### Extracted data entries
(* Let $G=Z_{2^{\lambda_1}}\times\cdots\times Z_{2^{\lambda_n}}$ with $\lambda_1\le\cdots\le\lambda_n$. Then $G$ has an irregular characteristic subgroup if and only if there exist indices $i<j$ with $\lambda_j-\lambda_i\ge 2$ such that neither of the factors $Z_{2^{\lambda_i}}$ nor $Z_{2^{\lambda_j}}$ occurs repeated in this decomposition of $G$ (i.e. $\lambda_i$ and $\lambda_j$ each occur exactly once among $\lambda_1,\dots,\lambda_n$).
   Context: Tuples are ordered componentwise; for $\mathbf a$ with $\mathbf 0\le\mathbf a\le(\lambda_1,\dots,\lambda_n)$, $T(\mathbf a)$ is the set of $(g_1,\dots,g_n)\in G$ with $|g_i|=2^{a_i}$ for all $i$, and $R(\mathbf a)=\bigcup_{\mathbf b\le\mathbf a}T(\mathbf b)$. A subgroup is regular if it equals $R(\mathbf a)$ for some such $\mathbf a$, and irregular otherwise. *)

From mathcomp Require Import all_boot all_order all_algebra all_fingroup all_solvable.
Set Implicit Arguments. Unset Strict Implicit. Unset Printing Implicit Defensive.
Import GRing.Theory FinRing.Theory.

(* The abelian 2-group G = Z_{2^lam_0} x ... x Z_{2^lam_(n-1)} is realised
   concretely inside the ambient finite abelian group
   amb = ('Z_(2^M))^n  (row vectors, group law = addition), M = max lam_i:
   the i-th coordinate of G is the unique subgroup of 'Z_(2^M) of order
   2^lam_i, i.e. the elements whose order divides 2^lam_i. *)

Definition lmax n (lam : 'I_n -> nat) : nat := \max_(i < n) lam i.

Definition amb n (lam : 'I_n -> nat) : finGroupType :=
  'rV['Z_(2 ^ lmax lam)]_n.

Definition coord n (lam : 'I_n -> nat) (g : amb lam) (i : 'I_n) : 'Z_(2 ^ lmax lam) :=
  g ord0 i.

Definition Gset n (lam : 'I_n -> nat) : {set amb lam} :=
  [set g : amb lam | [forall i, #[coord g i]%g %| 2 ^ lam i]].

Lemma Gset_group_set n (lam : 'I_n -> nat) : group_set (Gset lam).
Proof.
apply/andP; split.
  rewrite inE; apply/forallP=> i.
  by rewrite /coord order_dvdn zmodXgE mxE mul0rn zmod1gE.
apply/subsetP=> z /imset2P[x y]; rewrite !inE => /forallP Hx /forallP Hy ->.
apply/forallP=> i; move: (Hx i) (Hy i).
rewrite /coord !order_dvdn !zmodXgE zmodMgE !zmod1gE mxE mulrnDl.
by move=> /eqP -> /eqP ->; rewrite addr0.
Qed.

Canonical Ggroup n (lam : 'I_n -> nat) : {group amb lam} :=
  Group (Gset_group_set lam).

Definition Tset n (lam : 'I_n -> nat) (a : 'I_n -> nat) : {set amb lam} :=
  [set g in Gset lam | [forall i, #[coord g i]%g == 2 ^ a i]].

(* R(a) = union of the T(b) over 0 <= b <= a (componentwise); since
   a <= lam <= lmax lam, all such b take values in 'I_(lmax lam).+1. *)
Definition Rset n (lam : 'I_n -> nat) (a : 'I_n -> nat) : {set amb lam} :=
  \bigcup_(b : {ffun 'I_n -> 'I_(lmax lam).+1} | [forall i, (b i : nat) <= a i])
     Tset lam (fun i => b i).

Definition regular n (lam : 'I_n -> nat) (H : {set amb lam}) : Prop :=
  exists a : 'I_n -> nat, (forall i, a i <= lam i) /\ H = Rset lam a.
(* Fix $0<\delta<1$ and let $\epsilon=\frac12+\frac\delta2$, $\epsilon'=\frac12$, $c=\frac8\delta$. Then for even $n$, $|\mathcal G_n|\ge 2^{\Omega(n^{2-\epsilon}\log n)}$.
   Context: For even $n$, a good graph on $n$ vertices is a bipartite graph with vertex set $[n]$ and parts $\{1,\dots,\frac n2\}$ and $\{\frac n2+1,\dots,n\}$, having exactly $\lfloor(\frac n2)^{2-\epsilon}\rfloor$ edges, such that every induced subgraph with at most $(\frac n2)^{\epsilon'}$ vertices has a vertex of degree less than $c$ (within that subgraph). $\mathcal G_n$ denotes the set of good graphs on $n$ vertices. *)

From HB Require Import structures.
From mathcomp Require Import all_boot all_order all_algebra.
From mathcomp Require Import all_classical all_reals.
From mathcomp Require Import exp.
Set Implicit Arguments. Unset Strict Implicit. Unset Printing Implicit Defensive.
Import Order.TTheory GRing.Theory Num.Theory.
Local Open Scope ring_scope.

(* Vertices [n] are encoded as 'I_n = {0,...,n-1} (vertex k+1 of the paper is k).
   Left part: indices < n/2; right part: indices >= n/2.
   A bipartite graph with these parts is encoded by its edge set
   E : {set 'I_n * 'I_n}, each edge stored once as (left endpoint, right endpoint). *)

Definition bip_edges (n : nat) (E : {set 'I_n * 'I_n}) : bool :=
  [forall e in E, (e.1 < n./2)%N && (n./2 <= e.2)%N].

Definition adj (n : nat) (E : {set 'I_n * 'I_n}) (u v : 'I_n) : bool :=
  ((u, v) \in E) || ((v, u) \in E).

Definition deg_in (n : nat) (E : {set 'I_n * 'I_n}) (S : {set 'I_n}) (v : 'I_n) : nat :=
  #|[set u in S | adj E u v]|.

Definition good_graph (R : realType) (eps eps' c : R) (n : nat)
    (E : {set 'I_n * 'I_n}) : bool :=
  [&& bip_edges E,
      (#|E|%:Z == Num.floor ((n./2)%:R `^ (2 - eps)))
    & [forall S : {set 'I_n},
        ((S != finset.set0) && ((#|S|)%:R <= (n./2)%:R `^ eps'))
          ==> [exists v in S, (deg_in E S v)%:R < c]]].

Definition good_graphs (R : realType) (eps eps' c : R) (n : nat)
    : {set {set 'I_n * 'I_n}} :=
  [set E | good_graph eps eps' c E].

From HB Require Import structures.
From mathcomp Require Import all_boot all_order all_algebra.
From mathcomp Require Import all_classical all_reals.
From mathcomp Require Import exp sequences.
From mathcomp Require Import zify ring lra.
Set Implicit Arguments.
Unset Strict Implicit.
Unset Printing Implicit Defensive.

### TASK TO CARRY OUT
Considering the records line by line, how many lines hold the string "encoded"? Say only the number.

### YOUR SOLUTION
2